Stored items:
(* Let $\mathcal D_{\mathrm{cost}}$ be a distribution on $\mathbb R_{\ge0}$ with mean $1$, let $n\ge1$, and let $x_1,\dots,x_n$ be i.i.d. from $\mathcal D_{\mathrm{cost}}$. Let $\Delta(x_1,\dots,x_n)$ be the minimum number of the $x_i$ that must be removed so that the sum of the remaining ones is at most $n$. Then $$\mathbb E[\Delta(x_1,\dots,x_n)]\le5\sqrt n.$$ *)

From HB Require Import structures.
From mathcomp Require Import all_boot all_order all_algebra.
From mathcomp Require Import all_classical all_reals all_analysis.
Set Implicit Arguments. Unset Strict Implicit. Unset Printing Implicit Defensive.
Import Order.TTheory GRing.Theory Num.Theory.
Local Open Scope classical_set_scope.
Local Open Scope ring_scope.

(* Removing everything always works,
   so the minimum is over a nonempty family (default value n is harmless). *)
Definition Delta (R : realType) (n : nat) (x : 'I_n -> R) : nat :=
  \big[minn/n]_(S : {set 'I_n} | \sum_(i in ~: S) x i <= n%:R) #|S|.

Definition iid (R : realType) (d : measure_display) (T : measurableType d)
  (P : probability T R) (mu : probability R R) (n : nat)
  (X : 'I_n -> {RV P >-> R}) : Prop :=
  (forall i (B : set R), measurable B -> P (X i @^-1` B) = mu B) /\
  (forall B : 'I_n -> set R, (forall i, measurable (B i)) ->
     P (\bigcap_(i in [set: 'I_n]) (X i @^-1` B i)) =
     (\prod_(i < n) P (X i @^-1` B i))%E).

(* If [Delta x = k.+1], a set of [k] largest coordinates is not enough to remove, so
   the other coordinates sum to more than [n]; with [tau] the largest of them,
   [sum_i min(x_i^+, tau) > k tau + n].  Comparing with the scale [s = 4^(j+1)] just above
   [tau] gives [k < 4 (Y_s - n)^+ / s] for [Y_s = sum_i min(x_i^+, s)], so summing over
   the scales [j < J] (plus a tail term for [tau > 4^J]) bounds [Delta] pointwise.
   [Y_s] is a sum of [n] iid variables in [[0, s]] with mean [E Y_s <= n], hence
   [Var Y_s <= n s], and AM-GM [4 (Y_s - n)^+ / s <= 2 (Y_s - E Y_s)^2 / (s c) + 2 c / s]
   with [c = 2^(j+1) sqrt n] makes scale [j] cost at most [4 sqrt n / 2^(j+1)] in
   expectation.  Summing over [J = n] scales: [E Delta <= 1 + 4 sqrt n + n / 4^n <= 5 sqrt n]. *)

From HB Require Import structures.
From mathcomp Require Import all_boot all_order all_algebra.
From mathcomp Require Import all_classical all_reals all_analysis.
From mathcomp Require Import lra ring measurable_realfun.
Set Implicit Arguments.
Unset Strict Implicit.
Unset Printing Implicit Defensive.

Import Order.TTheory GRing.Theory Num.Theory.
Local Open Scope ring_scope.

Definition clip {R : realDomainType} (s y : R) : R := Num.min (Num.max y 0) s.

Section Clip.
Variable R : realDomainType.
Implicit Types s y : R.

Lemma clip_ge0 s y : 0 <= s -> 0 <= clip s y.
Proof. by move=> s0; rewrite /clip le_min le_max lexx orbT s0. Qed.

Lemma clip_le s y : clip s y <= s.
Proof. by rewrite /clip ge_min lexx orbT. Qed.

Lemma clip_le_maxr0 s y : clip s y <= Num.max y 0.
Proof. by rewrite /clip ge_min lexx. Qed.

Lemma ler_clip s1 s2 y : s1 <= s2 -> clip s1 y <= clip s2 y.
Proof. by move=> le_s; rewrite /clip le_min2. Qed.

End Clip.

Lemma exists_card_set (T : finType) m : (m <= #|T|)%N -> exists S : {set T}, #|S| = m.
Proof.
elim: m => [|m IH] lemT; first by exists finset.set0; rewrite cards0.
have [S cS] := IH (ltnW lemT).
have : (0 < #|~: S|)%N by rewrite cardsCs finset.setCK cS subn_gt0.
case/card_gt0P => j; rewrite finset.in_setC => jS.
by exists (j |: S); rewrite cardsU1 jS cS.
Qed.

Lemma exists_pow_bracket (R : realDomainType) (b tau : R) J : 1 < tau -> tau <= b ^+ J ->
  exists j : 'I_J, b ^+ j < tau <= b ^+ j.+1.
Proof.
elim: J => [|J IH] t1 tJ; first by move: tJ; rewrite expr0 leNgt t1.
have [tJ'|tJ'] := leP tau (b ^+ J).
  by have [j Hj] := IH t1 tJ'; exists (widen_ord (leqnSn J) j).
by exists ord_max; rewrite /= tJ' tJ.
Qed.

Lemma maxr0_mul_le_sqrD (R : realDomainType) (G W c : R) :
  0 <= c -> G <= W -> 2 * c * Num.max G 0 <= W ^+ 2 + c ^+ 2.
Proof.
move=> c0 GW; have [G0|G0] := leP G 0; first by rewrite mulr0 addr_ge0 ?sqr_ge0.
have := sqr_ge0 (W - c); nra.
Qed.

Section Delta.
Variables (R : realType) (n : nat) (x : 'I_n -> R).

Lemma Delta_le (S : {set 'I_n}) : \sum_(i in ~: S) x i <= n%:R -> (Delta x <= #|S|)%N.
Proof. exact: (@bigmin_le_cond _ nat _ n S _ (fun S => #|S|)). Qed.

Lemma Delta_le_n : (Delta x <= n)%N.
Proof.
rewrite -[n in (_ <= n)%N]card_ord -cardsT; apply: Delta_le.
by rewrite finset.setCT big_set0.
Qed.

WORK INSTRUCTION: Report every line of the entries that carries the word "finset".

WRITTEN REPLY:
elim: m => [|m IH] lemT; first by exists finset.set0; rewrite cards0.
have : (0 < #|~: S|)%N by rewrite cardsCs finset.setCK cS subn_gt0.
case/card_gt0P => j; rewrite finset.in_setC => jS.
by rewrite finset.setCT big_set0.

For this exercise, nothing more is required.